• **Exercise**: Show every line of the records below that contains the word "exists".

--

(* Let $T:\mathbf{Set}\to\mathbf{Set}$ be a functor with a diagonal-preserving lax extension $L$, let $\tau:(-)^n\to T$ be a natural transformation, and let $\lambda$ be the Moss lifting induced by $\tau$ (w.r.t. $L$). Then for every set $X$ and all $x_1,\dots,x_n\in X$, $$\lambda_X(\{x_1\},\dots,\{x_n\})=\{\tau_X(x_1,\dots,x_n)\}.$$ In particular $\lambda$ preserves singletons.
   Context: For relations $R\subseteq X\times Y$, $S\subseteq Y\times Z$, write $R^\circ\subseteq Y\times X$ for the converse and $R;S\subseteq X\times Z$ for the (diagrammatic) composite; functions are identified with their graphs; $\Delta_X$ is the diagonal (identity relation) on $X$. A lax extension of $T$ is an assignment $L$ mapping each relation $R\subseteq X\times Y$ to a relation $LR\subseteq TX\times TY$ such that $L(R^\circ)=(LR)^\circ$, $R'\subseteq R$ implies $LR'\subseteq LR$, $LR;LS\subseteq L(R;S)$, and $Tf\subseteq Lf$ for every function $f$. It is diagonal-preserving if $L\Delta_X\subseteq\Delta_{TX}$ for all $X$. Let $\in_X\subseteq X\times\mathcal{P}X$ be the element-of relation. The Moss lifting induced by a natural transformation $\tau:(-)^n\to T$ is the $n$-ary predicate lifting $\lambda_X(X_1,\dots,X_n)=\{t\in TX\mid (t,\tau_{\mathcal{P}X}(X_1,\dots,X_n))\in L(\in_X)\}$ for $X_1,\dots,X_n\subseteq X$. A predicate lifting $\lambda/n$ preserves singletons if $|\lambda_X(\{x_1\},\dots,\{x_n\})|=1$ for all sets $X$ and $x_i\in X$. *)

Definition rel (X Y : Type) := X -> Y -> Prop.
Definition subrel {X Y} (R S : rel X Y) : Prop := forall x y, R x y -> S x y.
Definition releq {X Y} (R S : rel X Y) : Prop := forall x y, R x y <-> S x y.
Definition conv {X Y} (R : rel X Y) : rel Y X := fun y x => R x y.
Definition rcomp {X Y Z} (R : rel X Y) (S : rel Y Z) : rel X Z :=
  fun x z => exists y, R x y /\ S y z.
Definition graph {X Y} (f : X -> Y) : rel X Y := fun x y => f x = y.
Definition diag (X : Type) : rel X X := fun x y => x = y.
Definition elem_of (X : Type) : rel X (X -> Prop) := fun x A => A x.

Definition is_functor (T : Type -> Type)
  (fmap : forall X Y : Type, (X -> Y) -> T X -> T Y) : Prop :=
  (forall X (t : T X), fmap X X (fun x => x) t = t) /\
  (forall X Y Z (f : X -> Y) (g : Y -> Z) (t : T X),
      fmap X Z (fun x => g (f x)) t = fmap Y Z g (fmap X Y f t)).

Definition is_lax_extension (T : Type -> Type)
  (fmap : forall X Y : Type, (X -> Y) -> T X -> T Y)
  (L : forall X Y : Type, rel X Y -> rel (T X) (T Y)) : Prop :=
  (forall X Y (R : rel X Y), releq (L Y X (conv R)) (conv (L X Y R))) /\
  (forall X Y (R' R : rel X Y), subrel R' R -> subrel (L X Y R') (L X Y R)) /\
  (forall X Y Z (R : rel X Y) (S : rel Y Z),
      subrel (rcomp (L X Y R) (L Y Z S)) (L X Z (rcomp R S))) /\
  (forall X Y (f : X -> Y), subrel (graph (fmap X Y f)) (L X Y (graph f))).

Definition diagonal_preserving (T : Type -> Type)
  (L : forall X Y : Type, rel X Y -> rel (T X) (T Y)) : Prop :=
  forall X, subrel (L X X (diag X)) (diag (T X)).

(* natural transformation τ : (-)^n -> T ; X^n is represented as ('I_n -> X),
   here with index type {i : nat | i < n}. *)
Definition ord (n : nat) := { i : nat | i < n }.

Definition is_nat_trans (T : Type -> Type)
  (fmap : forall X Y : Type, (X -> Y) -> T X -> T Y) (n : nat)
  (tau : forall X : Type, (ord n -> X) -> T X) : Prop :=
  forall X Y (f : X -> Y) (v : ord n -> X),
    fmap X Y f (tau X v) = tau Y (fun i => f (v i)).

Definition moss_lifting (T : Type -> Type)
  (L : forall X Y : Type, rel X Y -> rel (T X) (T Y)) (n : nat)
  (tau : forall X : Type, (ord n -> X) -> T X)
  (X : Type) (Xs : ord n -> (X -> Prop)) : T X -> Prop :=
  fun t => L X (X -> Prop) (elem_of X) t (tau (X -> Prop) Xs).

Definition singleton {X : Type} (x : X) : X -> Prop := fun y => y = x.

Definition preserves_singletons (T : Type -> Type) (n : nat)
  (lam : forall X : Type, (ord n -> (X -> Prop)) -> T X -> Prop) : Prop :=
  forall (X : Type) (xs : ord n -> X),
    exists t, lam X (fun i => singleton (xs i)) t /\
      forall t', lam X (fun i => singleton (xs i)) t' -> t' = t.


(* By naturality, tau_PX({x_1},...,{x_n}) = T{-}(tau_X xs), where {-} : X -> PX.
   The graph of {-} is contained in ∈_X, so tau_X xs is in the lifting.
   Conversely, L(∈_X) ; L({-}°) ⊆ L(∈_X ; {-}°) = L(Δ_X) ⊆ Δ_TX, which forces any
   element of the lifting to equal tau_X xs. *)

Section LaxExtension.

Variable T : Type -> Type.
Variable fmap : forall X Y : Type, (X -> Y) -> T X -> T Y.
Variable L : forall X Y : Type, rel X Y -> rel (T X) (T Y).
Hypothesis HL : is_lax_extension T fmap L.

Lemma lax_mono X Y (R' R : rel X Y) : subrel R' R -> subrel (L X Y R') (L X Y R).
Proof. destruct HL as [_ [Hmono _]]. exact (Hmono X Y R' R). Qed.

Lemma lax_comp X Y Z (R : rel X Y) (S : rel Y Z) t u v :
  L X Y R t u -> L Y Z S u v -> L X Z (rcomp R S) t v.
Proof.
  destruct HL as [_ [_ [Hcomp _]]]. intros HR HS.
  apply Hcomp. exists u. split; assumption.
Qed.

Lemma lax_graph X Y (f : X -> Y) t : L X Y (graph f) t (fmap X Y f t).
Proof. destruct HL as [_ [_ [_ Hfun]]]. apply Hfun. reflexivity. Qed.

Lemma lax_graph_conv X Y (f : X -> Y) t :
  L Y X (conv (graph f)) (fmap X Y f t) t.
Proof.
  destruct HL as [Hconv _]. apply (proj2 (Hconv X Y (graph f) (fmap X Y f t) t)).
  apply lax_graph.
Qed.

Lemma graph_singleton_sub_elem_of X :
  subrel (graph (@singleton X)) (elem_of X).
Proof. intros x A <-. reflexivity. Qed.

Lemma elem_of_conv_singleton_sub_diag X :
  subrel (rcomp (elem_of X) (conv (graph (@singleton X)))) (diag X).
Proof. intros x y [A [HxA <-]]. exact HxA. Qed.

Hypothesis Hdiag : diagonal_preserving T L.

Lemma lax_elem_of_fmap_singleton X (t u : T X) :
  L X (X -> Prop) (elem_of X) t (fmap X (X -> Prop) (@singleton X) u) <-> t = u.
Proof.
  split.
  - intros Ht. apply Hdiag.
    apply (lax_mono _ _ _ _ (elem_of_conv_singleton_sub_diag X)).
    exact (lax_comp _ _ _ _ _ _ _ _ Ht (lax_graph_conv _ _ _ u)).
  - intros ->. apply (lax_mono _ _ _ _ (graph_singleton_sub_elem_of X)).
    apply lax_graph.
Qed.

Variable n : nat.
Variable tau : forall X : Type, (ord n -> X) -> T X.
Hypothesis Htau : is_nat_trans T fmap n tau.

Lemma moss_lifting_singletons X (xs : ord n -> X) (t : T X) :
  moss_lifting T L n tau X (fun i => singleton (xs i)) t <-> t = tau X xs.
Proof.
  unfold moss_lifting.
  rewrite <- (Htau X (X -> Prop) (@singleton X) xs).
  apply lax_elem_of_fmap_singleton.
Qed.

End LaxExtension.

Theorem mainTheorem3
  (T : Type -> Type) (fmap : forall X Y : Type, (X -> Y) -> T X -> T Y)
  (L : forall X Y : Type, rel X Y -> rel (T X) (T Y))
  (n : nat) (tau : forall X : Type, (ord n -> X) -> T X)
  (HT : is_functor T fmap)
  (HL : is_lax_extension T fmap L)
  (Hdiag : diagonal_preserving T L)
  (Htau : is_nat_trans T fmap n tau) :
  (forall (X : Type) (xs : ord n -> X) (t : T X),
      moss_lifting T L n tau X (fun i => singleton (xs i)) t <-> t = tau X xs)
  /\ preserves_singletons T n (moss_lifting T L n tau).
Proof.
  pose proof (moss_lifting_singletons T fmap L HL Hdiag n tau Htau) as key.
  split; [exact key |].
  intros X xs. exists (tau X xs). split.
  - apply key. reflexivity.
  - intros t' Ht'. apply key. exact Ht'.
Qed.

--

• **Solution to this task**:
  fun x z => exists y, R x y /\ S y z.
    exists t, lam X (fun i => singleton (xs i)) t /\
  apply Hcomp. exists u. split; assumption.
  intros X xs. exists (tau X xs). split.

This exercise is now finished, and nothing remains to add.